The Civil Aviation Authority of the Philippines (CAAP) has warned politicians renting airplanes to fly to campaign stops not to deal with unlicensed aircraft operators.
In a statement, Capt. Beda Badiola, CAAP assistant director general of the Flight Standard Inspectorate Service (FSIS), said an aircraft was considered to be “colorum” if it does not have an aircraft operator certificate (AOC).
“The AOC basically serves as the license for an air carrier to operate commercially,” Badiola said.
He said that under Republic Act No. 9497
—or the Civil Aviation Authority Act of 2008
—it was the CAAP through the FSIS that issued AOCs to air carriers that had a Certificate of Public Convenience and Necessity (CPCN) issued by the Civil Aviation Board.

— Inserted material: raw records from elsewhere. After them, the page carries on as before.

(* Let $f=f(x_1,\ldots,x_n)$ be a positive Boolean function with exactly $k\ge 0$ relevant variables. Then the number $r(f)$ of extremal points of $f$ satisfies $r(f)\ge k+1$. Moreover, $r(f)=k+1$ if and only if $f$ is linear read-once.
   Context: Let $B=\{0,1\}$. For $\mathbf{x},\mathbf{y}\in B^n$, write $\mathbf{x}\preceq\mathbf{y}$ if $(\mathbf{x})_i=1$ implies $(\mathbf{y})_i=1$ for all $i$. A Boolean function $f$ on $B^n$ is positive if $f(\mathbf{x})=1$ and $\mathbf{x}\preceq\mathbf{y}$ imply $f(\mathbf{y})=1$. A maximal zero of $f$ is a $\preceq$-maximal point of $f^{-1}(0)$; a minimal one is a $\preceq$-minimal point of $f^{-1}(1)$; extremal points are the maximal zeros and minimal ones, and $r(f)$ denotes their number. A variable $x_k$ is relevant for $f$ if the functions $f_{|x_k=0}$ and $f_{|x_k=1}$ (obtained by fixing $x_k$) are not identical. A function is linear read-once (lro) if it is constant or can be represented by a nested formula, defined recursively: the literals $x$ and $\overline{x}$ are nested formulas; and $x\vee t$, $x\wedge t$, $\overline{x}\vee t$, $\overline{x}\wedge t$ are nested formulas whenever $x$ is a variable and $t$ is a nested formula containing neither $x$ nor $\overline{x}$. *)

From mathcomp Require Import all_boot.
Set Implicit Arguments. Unset Strict Implicit. Unset Printing Implicit Defensive.

(* Points of B^n = {0,1}^n, coordinates indexed by 'I_n; 1 = true, 0 = false *)
Definition pt (n : nat) := {ffun 'I_n -> bool}.

Definition pleq n (x y : pt n) : bool := [forall i, x i ==> y i].

Definition positive n (f : pt n -> bool) : Prop :=
  forall x y : pt n, f x -> pleq x y -> f y.

Definition maxzero n (f : pt n -> bool) (x : pt n) : bool :=
  ~~ f x && [forall y : pt n, (~~ f y && pleq x y) ==> (y == x)].

Definition minone n (f : pt n -> bool) (x : pt n) : bool :=
  f x && [forall y : pt n, (f y && pleq y x) ==> (y == x)].

Definition r n (f : pt n -> bool) : nat :=
  #|[set x : pt n | maxzero f x || minone f x]|.

Definition fixc n (x : pt n) (k : 'I_n) (b : bool) : pt n :=
  [ffun j => if j == k then b else x j].

Definition relevantb n (f : pt n -> bool) (k : 'I_n) : bool :=
  [exists x : pt n, f (fixc x k false) != f (fixc x k true)].

Definition nrel n (f : pt n -> bool) : nat := #|[set k : 'I_n | relevantb f k]|.

(* Lit i s     : the literal x_i (s = true) or its negation (s = false).
   Node i s c t: l ∨ t (c = true) or l ∧ t (c = false), where l is the
                 literal of x_i with sign s. *)
Inductive nested (n : nat) : Type :=
  | Lit : 'I_n -> bool -> nested n
  | Node : 'I_n -> bool -> bool -> nested n -> nested n.

Fixpoint nvars n (t : nested n) : seq 'I_n :=
  match t with
  | Lit i _ => [:: i]
  | Node i _ _ t' => i :: nvars t'
  end.
(* Let $\tau_0$ be the empty matching and for $n>0$ let $\tau_{2n-1}=\tau_{2n-2}(m+1)(m+1)$, where $m=|\tau_{2n-2}|$ (juxtaposition of $\tau_{2n-2}$ with a single edge), and $\tau_{2n}=1(\tau_{2n-1}+1)1$ (the lifting of $\tau_{2n-1}$). Let $f_{n,k}$ be the number of matchings with exactly $k$ edges in the interval $[11,\tau_n]$ of the matching pattern poset, and $f_n=|[11,\tau_n]|$. Then for $n>0$ and $0<k\leq n$: (i) $f_{n,k}=\sum_{i=0}^{n-k}\binom{k-1}{i}$; (ii) $f_{n}=\varphi_{n+2}-1$, where $\varphi_m$ is the $m$-th Fibonacci number ($\varphi_0=0,\varphi_1=\varphi_2=1$).
   Context: A matching of order $n$ is a partition of $[2n]$ into blocks (edges) of size two, identified with the word in $[n]^{2n}$ where both vertices of an edge carry the same letter and letters appear in increasing order of left vertices; $11$ is the matching with one edge. For a matching $\alpha$, $\alpha+1$ is its word with $1$ added to every letter, and words are concatenated. The matching pattern poset orders matchings by $\sigma\le\tau$ iff $\sigma$ is a pattern of $\tau$: with $|\sigma|=k$, there are $i_1<\dots<i_{2k}$ with $\{i_p,i_q\}\in\tau$ iff $\{p,q\}\in\sigma$. The interval $[11,\tau]$ is the set of matchings $\sigma$ with $11\le\sigma\le\tau$. *)

From mathcomp Require Import all_boot.
Set Implicit Arguments. Unset Strict Implicit. Unset Printing Implicit Defensive.

(* A matching of order n is encoded by its canonical word in [n]^{2n}
   (letters 1..n, each occurring exactly twice; first occurrences in
   increasing order, i.e. undup w = [:: 1; 2; ...; n]). *)
Definition is_matching (w : seq nat) : bool :=
  (undup w == iota 1 (size w)./2) && all (fun x => count_mem x w == 2) w.

Definition nedges (w : seq nat) : nat := (size w)./2.

Definition pattern (sigma tau : seq nat) : bool :=
  [exists m : (size tau).-tuple bool,
     let w := mask m tau in
     (size w == size sigma) &&
     [forall p : 'I_(size sigma), forall q : 'I_(size sigma),
        (nth 0 sigma p == nth 0 sigma q) == (nth 0 w p == nth 0 w q)]].

Definition edge11 : seq nat := [:: 1; 1].

Fixpoint tau (n : nat) : seq nat :=
  match n with
  | 0 => [::]
  | n'.+1 =>
      let t := tau n' in
      if odd n then t ++ [:: (nedges t).+1; (nedges t).+1]
      else 1 :: rcons (map S t) 1
  end.

(* f_{n,k}: matchings with exactly k edges in [11, tau_n].  Every matching
   with k edges has a canonical word of length 2k over letters in 1..k,
   hence is (the image of) a (2k)-tuple over 'I_(k+1). *)
Definition fnk (n k : nat) : nat :=
  #|[set t : (2 * k).-tuple 'I_k.+1 |
      let s := map val t in
      [&& is_matching s, pattern edge11 s & pattern s (tau n)]]|.
Definition Delta_certificate : seq (step V) :=
  [:: facet_step [:: -6; -5; -4; -3] (-1) (-2);
    facet_step [:: -6; -5; -4; -3] 1 (-2);
    facet_step [:: -6; -5; -4; -3] 2 (-2);
    facet_step [:: -6; -5; -4; -3] 3 (-2);
    facet_step [:: -6; -5; -4; -3] 4 (-2);
    facet_step [:: -6; -5; -4; -3] 5 (-2);
    facet_step [:: -6; -5; -4; -3] 6 (-2);
    facet_step [:: -6; -5; -3; -2] (-1) (-4);
    facet_step [:: -6; -5; -2; -1] (-4) (-3);
    facet_step [:: -6; -5; -4; 1] (-2) (-3);
    facet_step [:: -6; -5; -4; 1] (-1) (-3);
    facet_step [:: -6; -4; -3; -2] (-1) (-5);
    facet_step [:: -6; -4; -2; -1] 3 (-3);
    facet_step [:: -6; -4; -1; 3] (-5) (-2);
    facet_step [:: -6; -5; -4; 1] 3 (-3);
    facet_step [:: -6; -5; -4; 1] 5 (-3);
    facet_step [:: -6; -5; -4; 1] 6 (-3);
    facet_step [:: -6; -5; -4; 1] 2 (-3);
    facet_step [:: -6; -5; 1; 2] 3 (-4);
    facet_step [:: -6; -5; 2; 3] (-4) 1;
    facet_step [:: -6; -5; -3; -2] 1 (-4);
    facet_step [:: -6; -5; -3; -2] 3 (-4);
    facet_step [:: -6; -5; -3; -2] 5 (-4);
    facet_step [:: -6; -5; -3; -2] 6 (-4);
    facet_step [:: -5; -3; -2; -1] 2 (-6);
    facet_step [:: -5; -3; -1; 2] (-6) (-2);
    facet_step [:: -6; -5; 1; 2] (-3) (-4);
    facet_step [:: -5; -4; -3; 6] 1 (-6);
    facet_step [:: -5; -3; 1; 6] (-6) (-4);
    facet_step [:: -6; -5; 2; 3] (-3) 1;
    facet_step [:: -6; -5; -2; -1] 4 (-3);
    facet_step [:: -6; -5; -1; 4] 3 (-2);
    facet_step [:: -6; -5; 3; 4] (-3) (-1);
    facet_step [:: -6; -5; -2; -1] 1 (-3);
    facet_step [:: -6; -5; -2; -1] 3 (-3);
    facet_step [:: -6; -5; -2; -1] 5 (-3);
    facet_step [:: -6; -5; -2; -1] 6 (-3);
    facet_step [:: -6; -5; 1; 2] (-2) (-4);
    facet_step [:: -6; -5; 2; 3] (-2) 1;
    facet_step [:: -6; -5; 1; 2] (-1) (-4);
    facet_step [:: -6; -5; 2; 3] (-1) 1;
    facet_step [:: -6; -4; -1; 3] 5 (-2);
    facet_step [:: -6; -1; 3; 5] (-5) (-4);
    facet_step [:: -6; -5; 2; 3] 5 1;
    facet_step [:: -6; -4; -2; -1] 1 (-3);
    facet_step [:: -6; -4; -2; -1] 6 (-3);
    facet_step [:: -6; -4; -3; -2] 5 (-5);
    facet_step [:: -4; -3; -2; 5] 1 (-6);
    facet_step [:: -4; -2; 1; 5] 3 (-3);
    facet_step [:: -4; -2; 1; 3] (-6) 5;
    facet_step [:: -4; -2; 1; 5] (-6) (-3);
    facet_step [:: -6; -4; -1; 3] 6 (-2);
    facet_step [:: -5; -4; 1; 6] 5 (-6);
    facet_step [:: -4; 1; 5; 6] (-6) (-5);
    facet_step [:: -5; -3; -2; -1] 4 (-6);
    facet_step [:: -3; -2; -1; 4] 6 (-5);
    facet_step [:: -3; -2; 4; 6] (-6) (-1);
    facet_step [:: -4; -3; -2; 5] 6 (-6);
    facet_step [:: -3; -2; 5; 6] (-6) (-4);
    facet_step [:: -5; -3; 1; 6] 4 (-4);
    facet_step [:: -3; 1; 4; 6] (-6) (-5);
    facet_step [:: -6; -1; 3; 5] (-2) (-4);
    facet_step [:: -3; -2; 5; 6] (-1) (-4);
    facet_step [:: -2; -1; 5; 6] (-6) (-3);
    plucker_step [:: -6; -5; -4] (-2) 3 (-3) (-1);
    plucker_step [:: -6; -5; 3] (-4) 5 (-1) 2;
    plucker_step [:: -6; -5; 3] 1 5 (-4) 2;
    plucker_step [:: -6; -5; -4] (-2) 2 (-3) 3;
    plucker_step [:: -6; -5; -2] 1 3 (-4) 2;
    plucker_step [:: -6; -5; -4] (-1) 2 (-3) 3;
    plucker_step [:: -6; -5; -1] 1 3 (-4) 2;
    plucker_step [:: -6; -5; 3] (-2) 5 (-1) 1;
    plucker_step [:: -6; -4; 1] 3 5 (-5) (-2);
    plucker_step [:: -6; -4; 1] 3 6 (-5) 5;
    plucker_step [:: -6; -4; 1] (-2) 6 (-5) 5;
    plucker_step [:: -6; -4; 1] (-1) 5 (-5) (-2);
    plucker_step [:: -6; -4; 1] (-1) 6 (-5) 5;
    plucker_step [:: -6; -4; 6] (-2) 3 (-1) 1;
    plucker_step [:: -6; -5; -3] 1 3 (-4) 2;
    plucker_step [:: -6; -5; 1] 3 6 (-4) (-3);
    plucker_step [:: -6; -5; -3] 3 6 (-4) 1;
    plucker_step [:: -6; -5; 3] (-2) 6 (-3) 1;
    plucker_step [:: -6; -5; -1] (-4) 5 (-2) 3;
    plucker_step [:: -6; -5; -1] 1 5 (-4) 3;
    plucker_step [:: -6; -5; -3] (-1) 1 (-4) 2;
    plucker_step [:: -6; -5; -1] (-3) 5 (-2) 1;
    plucker_step [:: -6; -5; 5] (-4) (-2) (-3) (-1);
    plucker_step [:: -6; -4; -2] 3 5 (-5) 1;
    plucker_step [:: -6; -2; 3] 5 6 (-5) (-4);
    plucker_step [:: -6; -5; 1] (-2) 5 (-4) (-1);
    plucker_step [:: -6; -5; 1] (-2) 6 (-4) (-3);
    plucker_step [:: -6; -2; 1] 5 6 (-5) (-4);
    plucker_step [:: -6; -5; -3] 1 4 (-4) 3;
    plucker_step [:: -6; -5; -3] 4 6 (-4) 1;
    plucker_step [:: -6; -3; 6] (-2) 1 (-5) 4;
    plucker_step [:: -6; -2; 6] (-5) 5 (-3) 1;
    plucker_step [:: -6; -2; -1] 3 6 (-5) 5;
    plucker_step [:: -6; -2; 6] (-5) (-1) 3 5].

Lemma Delta_certificate_refutes :
  refutes vertex_order Delta_facet
    [:: normal vertex_order (map vertex [:: -6; -5; -4; -3; -2], false)] Delta_certificate.
Proof. by vm_compute. Qed.

Theorem mainTheorem1 (R : realType) : ~ polytopal_Delta R.
Proof.
case=> p [_ _ _ faces].
have faces_Delta S : S != setT -> in_Delta S -> is_face p S by move=> /faces ->.
have facet0 : Delta_facet (map vertex [:: -6; -5; -4; -3]) by [].
have v0 : vertex (-2) \notin map vertex [:: -6; -5; -4; -3] by [].
have := Delta_facet_neq0 faces_Delta facet0 v0.
by rewrite (refutes_chi_eq0 (@chi_alternating _ p) (@chi_plucker_relations _ p)
  (chi_facet_sided faces_Delta) Delta_certificate_refutes) eqxx.
Qed.
Lemma nonscalar_row_from1 M : ~~ is_scalar_mx M -> nonscalar_row_from 1 M.
Proof.
move=> M_nonscalar; apply: contrapT => M_rows; case/negP: M_nonscalar.
apply/is_scalar_mxP; exists (M ord0 ord0); apply/matrixP => a b; rewrite mxE mulrb.
apply/eqP; apply: contrapT => Mab; apply: M_rows; exists a, b; apply/andP; split.
  by rewrite lt0n orbN.
exact/negP.
Qed.

Lemma nonscalar_row_from_end M : nonscalar_row_from n.+1 M -> first_row_from 1 M.
Proof.
case=> a [b /andP[/orP[/eqP-> | ]]]; last by rewrite leqNgt ltn_ord.
have [<-|b_neq0] := eqVneq ord0 b; first by rewrite eqxx.
by move=> M0b; exists b; rewrite // lt0n eq_sym.
Qed.

Lemma first_row_from_end M : first_row_from n M -> M ord0 ord_max != 0.
Proof.
case=> b nb; suff -> : b = ord_max by [].
by apply/val_inj/eqP; rewrite eqn_leq nb -ltnS ltn_ord.
Qed.

Lemma cofinite_nonscalar_row_from k (f : R -> 'M[R]_n.+1) a b :
  (a == ord0) || (k <= a)%N ->
  cofinite_set [set t | f t a b != if a == b then f t ord0 ord0 else 0] ->
  cofinite_set [set t | nonscalar_row_from k (f t)].
Proof. by move=> a_row; apply: sub_cofinite_set => t /= ?; exists a, b; apply/andP. Qed.
(* Let $X,Y$ be orbit-finite sets and let $F$ be an equivariant set of finitely supported functions $X\to Y$. Then $F$ is orbit-finite if and only if there is $k\in\mathbb N$ such that every function in $F$ is supported by at most $k$ atoms.
   Context: Fix a countably infinite set $\mathbb A$ of atoms; atom automorphisms are bijections of $\mathbb A$. For a set with an action of atom automorphisms, $x$ is supported by $\bar a\in\mathbb A^*$ if every automorphism fixing $\bar a$ pointwise fixes $x$; it is finitely supported if some finite tuple supports it, and a set is equivariant if it is mapped to itself by all automorphisms. Automorphisms act on functions by $\pi(f)=\pi\circ f\circ\pi^{-1}$. A subset $Y$ is orbit-finite if all its elements are finitely supported and for some tuple $\bar a$ it is a union of finitely many orbits of the group of automorphisms fixing $\bar a$ pointwise. ''Supported by at most $k$ atoms'' means supported by some tuple of length at most $k$. *)

From Stdlib Require Import List Arith.
Import ListNotations.

(** Atoms: the countably infinite set [nat].  Atom automorphisms:
    bijections of [nat], given with their inverse. *)
Record perm : Type := Perm {
  pfun :> nat -> nat;
  pinv : nat -> nat;
  pinvK : forall a, pinv (pfun a) = a;
  pfunK : forall a, pfun (pinv a) = a }.

Definition perm_id : perm := @Perm (fun a => a) (fun a => a)
  (fun _ => eq_refl) (fun _ => eq_refl).

Definition perm_comp (p q : perm) : perm.
Proof.
  refine (@Perm (fun a => p (q a)) (fun a => pinv q (pinv p a)) _ _).
  - intro a; rewrite pinvK; apply pinvK.
  - intro a; rewrite pfunK; apply pfunK.
Defined.

Definition perm_inv (p : perm) : perm :=
  @Perm (pinv p) (pfun p) (pfunK p) (pinvK p).

Record gset : Type := GSet {
  carrier :> Type;
  act : perm -> carrier -> carrier;
  act_id : forall x, act perm_id x = x;
  act_comp : forall p q x, act (perm_comp p q) x = act p (act q x) }.

Definition fixes_tuple (abar : list nat) (p : perm) : Prop :=
  forall a, In a abar -> p a = a.

Section Nominal.
Context {T : Type} (actT : perm -> T -> T).

Definition supports (abar : list nat) (x : T) : Prop :=
  forall p : perm, fixes_tuple abar p -> actT p x = x.

Definition fin_supp (x : T) : Prop := exists abar, supports abar x.

Definition supp_le (k : nat) (x : T) : Prop :=
  exists abar, length abar <= k /\ supports abar x.

Definition equivariant (S : T -> Prop) : Prop :=
  forall (p : perm) (x : T), S (actT p x) <-> S x.

(** Orbit-finite subset: all elements finitely supported, and for some
    tuple [abar] it is the union of the finitely many orbits (of the
    group of automorphisms fixing [abar] pointwise) of the elements of a
    finite list [reps]. *)
Definition orbit_finite (S : T -> Prop) : Prop :=
  (forall x, S x -> fin_supp x) /\
  exists (abar : list nat) (reps : list T),
    forall x, S x <->
      exists r p, In r reps /\ fixes_tuple abar p /\ x = actT p r.
End Nominal.

Definition fun_act (X Y : gset) (p : perm) (f : X -> Y) : X -> Y :=
  fun x => act Y p (f (act X (perm_inv p) x)).

(* (=>) holds in any set with an atom action: the finitely many orbit
   representatives have a common support s, and p(r) is supported by p(s),
   so |s| bounds every support.

   (<=) Every f in F can be renamed by a permutation so that its (at most
   k-element) support lands in {0, ..., k-1}; the renamed function is still
   in F by equivariance.  So it suffices that only finitely many functions
   X -> Y are supported by a fixed tuple D.  This rests on the key
   finiteness fact about an orbit-finite set Z: for ANY tuple D it is the
   union of finitely many orbits of the automorphisms fixing D (a
   permutation can be corrected, without moving D, to send the common
   support of the representatives into D plus a fixed block of fresh
   atoms, leaving finitely many possibilities).  Consequently only finitely
   many elements of Z are supported by D, and a D-supported function is
   determined by its values on finitely many D-orbit representatives of X,
   each of which is one of finitely many elements of Y. *)

From Stdlib Require Import List Arith Lia.
From Stdlib Require Import Classical FunctionalExtensionality ProofIrrelevance.
Import ListNotations.

Lemma perm_ext (p q : perm) : (forall a, p a = q a) -> p = q.
Proof.
  intros Hpq. destruct p as [f fi fK1 fK2], q as [g gi gK1 gK2]; simpl in *.
  assert (f = g) by (apply functional_extensionality; exact Hpq). subst g.
  assert (fi = gi).
  { apply functional_extensionality; intro a.
    rewrite <- (gK1 (fi a)), fK2. reflexivity. }
  subst gi. f_equal; apply proof_irrelevance.
Qed.

Lemma perm_inv_comp (p q : perm) :
  perm_inv (perm_comp p q) = perm_comp (perm_inv q) (perm_inv p).
Proof. apply perm_ext; reflexivity. Qed.

Lemma fixes_tuple_inv (s : list nat) (p : perm) :
  fixes_tuple s p -> fixes_tuple s (perm_inv p).
Proof.
  intros Hp a Ha; simpl. rewrite <- (Hp a Ha) at 1. apply pinvK.
Qed.

Definition swapf (a b x : nat) : nat :=
  if Nat.eq_dec x a then b else if Nat.eq_dec x b then a else x.

Lemma swapf_invol (a b x : nat) : swapf a b (swapf a b x) = x.
Proof.
  unfold swapf; repeat destruct Nat.eq_dec; subst; congruence.
Qed.

Definition swap (a b : nat) : perm :=
  Perm (swapf a b) (swapf a b) (swapf_invol a b) (swapf_invol a b).

Lemma interval_avoids (M n : nat) (L : list nat) :
  length L <= n -> exists g, M <= g < M + S n /\ ~ In g L.
Proof.
  intros HL. apply NNPP; intro Hnone.
  assert (Hincl : incl (seq M (S n)) L).
  { intros a Ha. apply in_seq in Ha. apply NNPP; intro Hout.
    apply Hnone. exists a. split; [lia | exact Hout]. }
  pose proof (NoDup_incl_length (seq_NoDup (S n) M) Hincl) as Hlen.
  rewrite length_seq in Hlen. lia.
Qed.

Lemma upper_bound (K : list nat) : exists M, forall a, In a K -> a < M.
Proof.
  induction K as [|b K [M HM]]; [exists 0; intros a [] |].
  exists (S b + M). intros a [<-|Ha]; [lia | specialize (HM a Ha); lia].
Qed.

In essence, Badiola said, an air carrier that had an AOC was “guaranteed” to have a “system in place to ensure the safety of its passengers.”
“Passengers who avail themselves of travel insurance will find it difficult, if not almost impossible, to collect from an insurance firm should the air operator have neither an AOC nor a CPCN,” he said.
He said CAAP records showed only 36 air operators had AOCs.
Badiola said that under the law, any Philippine air carrier may apply for an OAC.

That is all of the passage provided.